Essa atitude ingênua só pode ser sustentada por algum tempo e apenas por conta da ignorância da enorme quantidade de versículos do Alcorão e hadith que cospem na face do feminismo moderno. Quanto mais ciente desses versículos e hadiths for o feminista muçulmano, maior a probabilidade de ele prosseguir para o Estágio 4.

O feminista muçulmano do Estágio 4 percebe que a única maneira de fazer a quadratura do o círculo e reconciliar absolutamente o feminismo com a totalidade do Islam é negar a divindade do Alcorão e negar a aplicabilidade da Sunnah Profética.

No Estágio 4, você encontrará reformadores muçulmanos que dizem coisas como: “Devemos dizer não ao Alcorão”. Encontrará reformadores que chegam ao ponto de insultar os profetas e chamá-los de nomes desprezíveis. Tudo isso porque… você adivinhou: “Patriarcado!”

No Estágio 4, torna-se possível proferir blasfêmias casualmente. Também se torna possível defender coisas como mulheres liderarem uma congregação mista em oração, mulheres muçulmanas poderem se casar com homens não-muçulmanos, a permissão de relacionamentos entre pessoas do mesmo sexo, a aceitação do transgenerismo, a permissibilidade do adultério e da fornicação (zina) – e assim por diante.

Isso ocorre porque as pessoas que estão no Estágio 4 não apenas renunciaram a todo e qualquer precedente erudito, mas também não acreditam que existam uma Sharia ou Sunnah objetivas e dotadas de autoridade que possam ditar o comportamento de um muçulmano.

Qualquer um que pretenda falar com autoridade sobre “O que Allah ordena” é imediatamente denunciado como um opressor patriarcal (“autoridade” é um conceito patriarcal de qualquer maneira, de acordo com eles).

No entanto, não há muitos feministas muçulmanos que ficam no Estágio 4, porque torna-se praticamente impossível justificar todas essas coisas e ainda se considerar muçulmano. O nível de dissonância cognitiva necessária para manter essa identidade é incapacitante, e o fato de a comunidade muçulmana em geral também ser (com razão) antagônica à blasfêmia e não acreditar nas manifestações exteriores de Islam provenientes desses indivíduos os torna cada vez mais amargos por serem muçulmanos. E assim que chegamos ao…

Estágio 5

A angústia mental e o tormento do Estágio 5 são insuportáveis, e não é preciso muito neste momento para empurrar a pessoa além do limite.

Se Allah é igualitário em matéria de gênero, por que se refere a si mesmo como “Ele” na revelação, em vez de “Ela”? Por que o primeiro ser humano foi homem e não mulher? Por que a maioria das narrativas históricas do Alcorão é sobre homens e não mulheres? Por que o último Profeta de Allah foi homem e não mulher? Por que a revelação de Allah veio até nós através de um homem e não de uma mulher?

Essa enxurrada de perguntas simples, mas enlouquecedoras, leva essas pessoas à beira do penhasco do kufr (incredulidade) e da irtidad (apostasia).
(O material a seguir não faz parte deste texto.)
Lemma Sn_Ico n : Sn n = Ico (2 ^ n.-1)%N (2 ^ n)%N.
Proof. by rewrite /Sn /Ico !exp2_intr. Qed.

Lemma int_interval_bounds (Q : set R) a b x : int_interval Q a b -> Q x ->
  a%:~R <= x <= b%:~R.
Proof. by case=> _ [->|[->|[->|->]]] /= /andP[h1 h2]; rewrite ?h1 ?h2 ?ltW. Qed.

Lemma int_interval_subset_Ico (Q : set R) a b c d :
  int_interval Q a b -> Q `<=` Ico c d -> (c <= a)%R /\ (b <= d)%R.
Proof.
case=> ab hQ sQ.
have ab1 : (a + 1)%:~R <= b%:~R :> R by rewrite ler_int; lia.
rewrite intrD in ab1.
(* [a + 1/2] and [b - 1/2] lie in [Q] whatever its type of endpoints *)
have /sQ /andP[ca _] : Q (a%:~R + 2^-1).
  by case: hQ => [->|[->|[->|->]]] /=; apply/andP; split; lra.
have /sQ /andP[_ bd] : Q (b%:~R - 2^-1).
  by case: hQ => [->|[->|[->|->]]] /=; apply/andP; split; lra.
have ca1 : (c < a + 1)%R by rewrite -(ltr_int R) intrD; lra.
have bd1 : (b < d + 1)%R by rewrite -(ltr_int R) intrD; lra.
split; lia.
Qed.

Lemma window_Sn m n : (6 <= m)%N -> n != m ->
  Ico (2 ^ n.-1)%N (2 ^ n + n ^ 2)%N `&` Sn m `<=`
  (Ico (2 ^ m.-1)%N (2 ^ m.-1 + m.-1 ^ 2)%N : set R).
Proof.
move=> m6 nm x []; rewrite Sn_Ico /Ico /= => /andP[x1 x2] /andP[x3 x4].
have lt_int (p q : int) : p%:~R <= x -> x < q%:~R -> (p < q)%R.
  by move=> px xq; rewrite -(ltr_int R); apply: le_lt_trans xq.
case: (ltngtP n m) nm => // [nm|mn] _.
- have [nm1|nm1] := eqVneq n m.-1; first by rewrite x3 -nm1.
  have n2 : (n + 2 <= m)%N by move/eqP: nm1; lia.
  by have := exp2_add_sq_leq m6 n2; have := lt_int _ _ x3 x2; lia.
- have : (2 ^ m <= 2 ^ n.-1)%N by rewrite leq_pexp2l //; lia.
  by have := lt_int _ _ x1 x4; lia.
Qed.

End Intervals.

Section Covers.
Variable R : realType.
Implicit Types (E A B : set R) (rho : R) (n m : nat) (a b : nat -> int).

Definition cover n E m a b (Q : nat -> set R) :=
  (forall i, (i < m)%N -> int_interval (Q i) (a i) (b i) /\ Q i `<=` Sn n) /\
  E `&` Sn n `<=` \bigcup_(i in [set i | (i < m)%N]) Q i.

Definition cover_cost n rho m a b :=
  \sum_(i < m) (((b i - a i)%:~R / 2%:R ^+ n) `^ rho).

Definition cover_costs n rho E :=
  [set s | exists m a b Q, cover n E m a b Q /\ s = cover_cost n rho m a b].

Lemma nuE n rho E : nu n rho E = inf (cover_costs n rho E).
Proof.
congr inf; apply/seteqP; split=> s.
  by case=> m [a [b [Q [h1 [h2 ->]]]]]; exists m, a, b, Q.
by case=> m [a [b [Q [[h1 h2] ->]]]]; exists m, a, b, Q.
Qed.

Lemma cover_cost_ge0 n rho m a b : 0 <= cover_cost n rho m a b.
Proof. by apply: sumr_ge0 => i _; apply: powR_ge0. Qed.

Lemma cover_costs_lbound n rho E : lbound (cover_costs n rho E) 0.
Proof. by move=> s [m [a [b [Q [_ ->]]]]]; apply: cover_cost_ge0. Qed.

Lemma cover_Sn n E : (1 <= n)%N ->
  cover n E 1 (fun=> (2 ^ n.-1)%N%:Z) (fun=> (2 ^ n)%N%:Z) (fun=> Sn n).
Proof.
move=> n1; split=> [i _|x [_ Sx]]; last by exists 0%N.
split=> //; rewrite Sn_Ico; apply: int_interval_Ico.
by rewrite ltz_nat ltn_exp2l // prednK.
Qed.

Lemma cover_costs_neq0 n rho E : (1 <= n)%N -> cover_costs n rho E !=set0.
Proof. by move=> n1; eexists; do 4 eexists; split; first exact: cover_Sn. Qed.

Lemma nu_ge0 n rho E : 0 <= nu n rho E.
Proof.
rewrite nuE; have [->|/set0P ne] := eqVneq (cover_costs n rho E) set0.
  by rewrite inf0.
exact: lb_le_inf ne (@cover_costs_lbound _ _ _).
Qed.

Lemma nu_le_cover n rho E m a b Q : cover n E m a b Q ->
  nu n rho E <= cover_cost n rho m a b.
Proof.
move=> EQ; rewrite nuE; apply: ge_inf; last by exists m, a, b, Q.
by exists 0; apply: cover_costs_lbound.
Qed.

Lemma nu_le_Ico n rho E m a b :
  (forall i, (i < m)%N -> (a i < b i)%R /\ (Ico (a i) (b i) : set R) `<=` Sn n) ->
  E `&` Sn n `<=` \bigcup_(i in [set i | (i < m)%N]) Ico (a i) (b i) ->
  nu n rho E <= cover_cost n rho m a b.
Proof.
move=> hab hE; apply: nu_le_cover; split; last exact: hE.
by move=> i im; have [ab sub] := hab i im; split=> //; apply: int_interval_Ico.
Qed.

Lemma nu_approx n rho E eps : (1 <= n)%N -> 0 < eps ->
  exists m a b Q, cover n E m a b Q /\ cover_cost n rho m a b < nu n rho E + eps.
Proof.
move=> n1 e0; have : inf (cover_costs n rho E) < nu n rho E + eps by rewrite nuE ltrDl.
case/(inf_lt (cover_costs_neq0 rho E n1)) => _ [m [a [b [Q [EQ ->]]]]] lt.
by exists m, a, b, Q.
Qed.

Lemma nu_le_subset n rho A B : (1 <= n)%N -> A `&` Sn n `<=` B ->
  nu n rho A <= nu n rho B.
Proof.
move=> n1 AB; rewrite [nu n rho B]nuE.
apply: lb_le_inf (cover_costs_neq0 _ _ n1) _ => _ [m [a [b [Q [[Qab BQ] ->]]]]].
apply: (@nu_le_cover _ _ _ _ _ _ Q); split=> // x Ax.
by apply: BQ; split; [apply: AB | case: Ax].
Qed.

Lemma nu_le_setU_Ico n rho A B c d : (1 <= n)%N -> (c < d)%R ->
  (Ico c d : set R) `<=` Sn n -> A `&` Sn n `<=` B `|` Ico c d ->
  nu n rho A <= nu n rho B + ((d - c)%:~R / 2%:R ^+ n) `^ rho.
Proof.
move=> n1 cd cdS AB; rewrite -lerBlDr [nu n rho B]nuE.
apply: lb_le_inf (cover_costs_neq0 _ _ n1) _ => _ [m [a [b [Q [[Qab BQ] ->]]]]].
pose ext T (f : nat -> T) x i := if (i < m)%N then f i else x.
rewrite lerBlDr.
have -> : cover_cost n rho m a b + ((d - c)%:~R / 2%:R ^+ n) `^ rho =
          cover_cost n rho m.+1 (ext _ a c) (ext _ b d).
  rewrite /cover_cost big_ord_recr /= /ext ltnn; congr (_ + _).
  by apply: eq_bigr => i _; rewrite ltn_ord.
apply: (@nu_le_cover _ _ _ _ _ _ (ext _ Q (Ico c d))); split.
  move=> i; rewrite ltnS leq_eqVlt /ext => /orP[/eqP ->|im]; last by rewrite im; exact: Qab.
  by rewrite ltnn; split=> //; apply: int_interval_Ico.
move=> x Ax; case: (AB x Ax) => [Bx|cdx].
  have [i im Qx] := BQ x (conj Bx Ax.2).
  by exists i; [apply: ltnW | rewrite /ext im].
by exists m => //=; rewrite /ext ltnn.
Qed.

Lemma nu_le1 n rho E : (1 <= n)%N -> 0 <= rho -> nu n rho E <= 1.
Proof.
move=> n1 r0; apply: le_trans (nu_le_cover rho (cover_Sn E n1)) _.
rewrite /cover_cost big_ord1 powR_le1 // intrB !exp2_intr.
have h0 : (0 : R) < 2%:R ^+ n by rewrite exprn_gt0.
have h1 : (0 : R) <= 2%:R ^+ n.-1 by rewrite exprn_ge0.
have h2 : (2%:R ^+ n.-1 : R) <= 2%:R ^+ n by rewrite ler_eXn2l ?ltr1n ?leq_pred.
apply/andP; split; first by rewrite divr_ge0 ?subr_ge0 // ltW.
by rewrite ler_pdivrMr // mul1r; lra.
Qed.

End Covers.

Section Series.
Variable R : realType.
Implicit Types u v : nat -> R.

Definition finite_series u := (\sum_(1 <= n <oo) (u n)%:E < +oo)%E.

Lemma finite_series_bounded u B : (forall n, 0 <= u n) ->
  (forall N, \sum_(1 <= i < N) u i <= B) -> finite_series u.
Proof.
move=> u0 uB; apply: (@le_lt_trans _ _ B%:E); last exact: ltry.
apply: lime_le; first by apply: is_cvg_nneseries => n _ _; rewrite lee_fin.
by apply: nearW => N; rewrite sumEFin lee_fin.
Qed.

Lemma finite_series_le u v : (forall n, 0 <= u n) ->
  (forall n, (1 <= n)%N -> u n <= v n) -> finite_series v -> finite_series u.
Proof.
move=> u0 uv; apply: le_lt_trans.
apply: lime_le; first by apply: is_cvg_nneseries => n _ _; rewrite lee_fin.
apply: nearW => N; apply: le_trans (nneseries_lim_ge _ _); last first.
  by move=> n n1 _; rewrite lee_fin (le_trans (u0 n)) ?uv.
by rewrite !sumEFin lee_fin; apply: ler_sum_nat => i /andP[i1 _]; apply: uv.
Qed.

Lemma finite_seriesD u v : (forall n, 0 <= u n) -> (forall n, 0 <= v n) ->
  finite_series u -> finite_series v -> finite_series (fun n => u n + v n).
Proof.
move=> u0 v0 fu fv; rewrite /finite_series.
under eq_eseriesr do rewrite EFinD.
by rewrite nneseriesD => [|n _ _|n _ _]; [apply: lte_add_pinfty | rewrite lee_fin ..].
Qed.

Lemma finite_seriesZ c u : 0 <= c -> (forall n, 0 <= u n) ->
  finite_series u -> finite_series (fun n => c * u n).
Proof.
move=> c0 u0 fu; rewrite /finite_series.
under eq_eseriesr do rewrite EFinM.
by rewrite nneseriesZl => [|n _]; [apply: lte_mul_pinfty | rewrite lee_fin].
Qed.

Lemma finite_series_geometric c q : 0 <= c -> 0 <= q < 1 ->
  finite_series (fun n => c * q ^+ n).
Proof.
move=> c0 /andP[q0 q1]; have q1' : 0 < 1 - q by rewrite subr_gt0.
apply: (@finite_series_bounded _ (c / (1 - q))) => [n|[|N]].
- by rewrite mulr_ge0 ?exprn_ge0.
- by rewrite big_geq // divr_ge0 // ltW.
rewrite -add1n -mulr_sumr geometric_partial_tail geometric_seriesE ?lt_eqF //= expr1.
rewrite ler_wpM2l // ler_pdivrMr // mulVf ?gt_eqF //.
have : 0 <= q ^+ N by rewrite exprn_ge0.
nra.
Qed.

End Series.

Section Dimension.
Variable R : realType.
Implicit Types (X Y : set R) (rho : R).

Definition DimH_exponents X := [set rho | 0 <= rho /\ finite_series (fun n => nu n rho X)].

Lemma DimH_le X rho : 0 <= rho -> finite_series (fun n => nu n rho X) -> DimH X <= rho.
Proof. by move=> r0 fX; apply: ge_inf; [exists 0 => r [] | split]. Qed.

Lemma nu2_le_unit_cover X n : (1 <= n)%N -> nu n 2 X <= 2^-1 ^+ n.
Proof.
move=> n1; pose h := (2 ^ n.-1)%N.
have hn : (2 ^ n)%N = (2 * h)%N by rewrite /h -expnS prednK.
apply: le_trans (@nu_le_Ico _ n 2 X h (fun i => (h + i)%N%:Z)
  (fun i => (h + i).+1%N%:Z) _ _) _.
- move=> i ih; split; first by rewrite ltz_nat.
  by rewrite Sn_Ico; apply: subset_Ico; rewrite lez_nat -?hn; lia.
- move=> x [_]; rewrite Sn_Ico /= -/h => /andP[x1 x2].
  have hx : (h%:Z <= Num.floor x)%R by rewrite floor_ge_int.
  have xh : (Num.floor x < (2 * h)%N%:Z)%R by rewrite floor_lt_int -hn.
  exists `|Num.floor x - h%:Z|%N; first by rewrite /=; lia.
  rewrite /Ico /= (_ : (h + _)%N%:Z = Num.floor x); last by lia.
  by rewrite (_ : (_.+1)%N%:Z = Num.floor x + 1) ?floor_le ?floorD1_gt //; lia.
have y0 : (0 : R) < 2%:R ^+ n by rewrite exprn_gt0.
rewrite /cover_cost (eq_bigr (fun=> ((2%:R ^+ n)^-1) ^+ 2)) => [|i _]; last first.
  by rewrite (_ : (_ - _)%R = 1) ?mul1r ?powR_mulrn ?invr_ge0 ?ltW //; lia.
have hy : (h%:R : R) <= 2%:R ^+ n by rewrite -natrX ler_nat leq_pexp2l // leq_pred.
rewrite sumr_const card_ord -[_ *+ h]mulr_natr exprVn.
apply: le_trans (ler_wpM2l _ hy) _; first by rewrite invr_ge0 exprn_ge0 // ltW.
by rewrite exprVn expr2 invfM -mulrA mulVf ?gt_eqF ?mulr1.
Qed.

Lemma DimH_exponents_neq0 X : DimH_exponents X !=set0.
Proof.
exists 2; split=> //; apply: (@finite_series_le _ _ (fun n => 1 * 2^-1 ^+ n)).
- by move=> n; apply: nu_ge0.
- by move=> n n1; rewrite mul1r; apply: nu2_le_unit_cover.
- by apply: (finite_series_geometric (c := 1)); rewrite // invr_ge0 ler0n invf_lt1 ?ltr1n.
Qed.

Lemma le_DimH X Y : (forall n, (1 <= n)%N -> X `&` Sn n `<=` Y) -> DimH X <= DimH Y.
Proof.
move=> XY; apply: lb_le_inf (DimH_exponents_neq0 Y) _ => rho [r0 fY].
apply: DimH_le r0 (finite_series_le _ _ fY) => n; first exact: nu_ge0.
by move=> n1; apply: nu_le_subset n1 (XY n n1).
Qed.

End Dimension.

Section PieceCost.
Variables (R : realType) (rho delta C w : R).
Hypotheses (rho0 : 0 <= rho) (delta0 : 0 < delta) (C0 : 0 <= C) (w01 : 0 <= w <= 1).
Hypothesis sqr_div_exp2_le : forall m : nat,
  (2 * m%:R ^+ 2 / 2%:R ^+ m) `^ (rho + delta) <= C * w ^+ m * ((2%:R ^+ m)^-1) `^ rho.

Lemma powR_le_sqr_div_exp2 m x : 0 <= x <= 2 * m%:R ^+ 2 / 2%:R ^+ m ->
  x `^ (rho + delta) <= C * w ^+ m * ((2%:R ^+ m)^-1) `^ rho.
Proof.
move=> /andP[x0 xm]; apply: le_trans (sqr_div_exp2_le m).
by apply: ge0_ler_powR; rewrite ?nnegrE //; apply: addr_ge0 rho0 (ltW delta0).
Qed.

Lemma powR_le_double x y : 0 < x <= 1 -> x <= 2 * y ->
  x `^ (rho + delta) <= 2 `^ rho * y `^ rho.
Proof.
move=> /andP[x0 x1] xy; have y0 : 0 <= y by lra.
apply: le_trans (_ : x `^ rho <= _); first by apply: ger_powR; rewrite ?x0 // lerDl ltW.
by rewrite -powRM //; apply: ge0_ler_powR; rewrite // nnegrE ?mulr_ge0 // ltW.
Qed.

Lemma piece_cost_le m (l L : int) : (1 <= L)%R -> (1 <= l)%R ->
  (l <= L + (m ^ 2)%N%:Z)%R -> (l <= (2 ^ m)%N%:Z)%R ->
  (l%:~R / 2%:R ^+ m) `^ (rho + delta) <= (2 `^ rho + C) * (L%:~R / 2%:R ^+ m) `^ rho.
Proof.
move=> L1 l1 lL l2m; have e0 : (0 : R) < 2%:R ^+ m by rewrite exprn_gt0.
have L0 : (0 : R) <= L%:~R / 2%:R ^+ m by rewrite divr_ge0 ?ler0z ?ltW //; lia.
rewrite mulrDl; have [Lm|Lm] := leP ((m ^ 2)%N%:Z) L.
- apply: ler_wpDr; first by rewrite mulr_ge0 ?powR_ge0.
  apply: powR_le_double.
    apply/andP; split; first by rewrite divr_gt0 // ltr0z; lia.
    by rewrite ler_pdivrMr // mul1r -exp2_intr ler_int.
  by rewrite mulrA ler_pM2r ?invr_gt0 // -[2]/(2%:~R) -intrM ler_int; lia.
- apply: ler_wpDl; first by rewrite mulr_ge0 ?powR_ge0.
  apply: le_trans (@powR_le_sqr_div_exp2 m _ _) _.
    apply/andP; split; first by rewrite divr_ge0 ?ler0z ?(ltW e0) //; lia.
    by rewrite ler_pM2r ?invr_gt0 // -natrX -natrM pmulrn ler_int; lia.
  rewrite -mulrA ler_wpM2l //; case/andP: w01 => w0 w1.
  apply: le_trans (_ : _ <= (2%:R ^+ m)^-1 `^ rho) _.
    by rewrite -[X in _ <= X]mul1r ler_wpM2r ?powR_ge0 ?exprn_ile1.
  apply: ge0_ler_powR => //; first by rewrite nnegrE invr_ge0 ltW.
  by rewrite -[X in X <= _]mul1r ler_pM2r ?invr_gt0 // ler1z.
Qed.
Então o mesmo pensamento que os conduziu ao longo de todo esse caminho lhes dá um empurrão final no abismo:

Por que Allah permite que o patriarcado exista? Ele não se importa com a subjugação e o estupro de bilhões de mulheres inocentes ao longo dos milênios?

A única resposta que o feminismo pode fornecer nesse estágio é a única resposta que poderia fornecer em qualquer estágio: a religião inteira não passa de uma mentira inventada pelos homens para controlar as mulheres.

Fim

O perigo do feminismo é o efeito dominó. Quando uma pessoa começa a explicar tudo em termos de “patriarcado!”, o resto é apenas uma questão de tempo.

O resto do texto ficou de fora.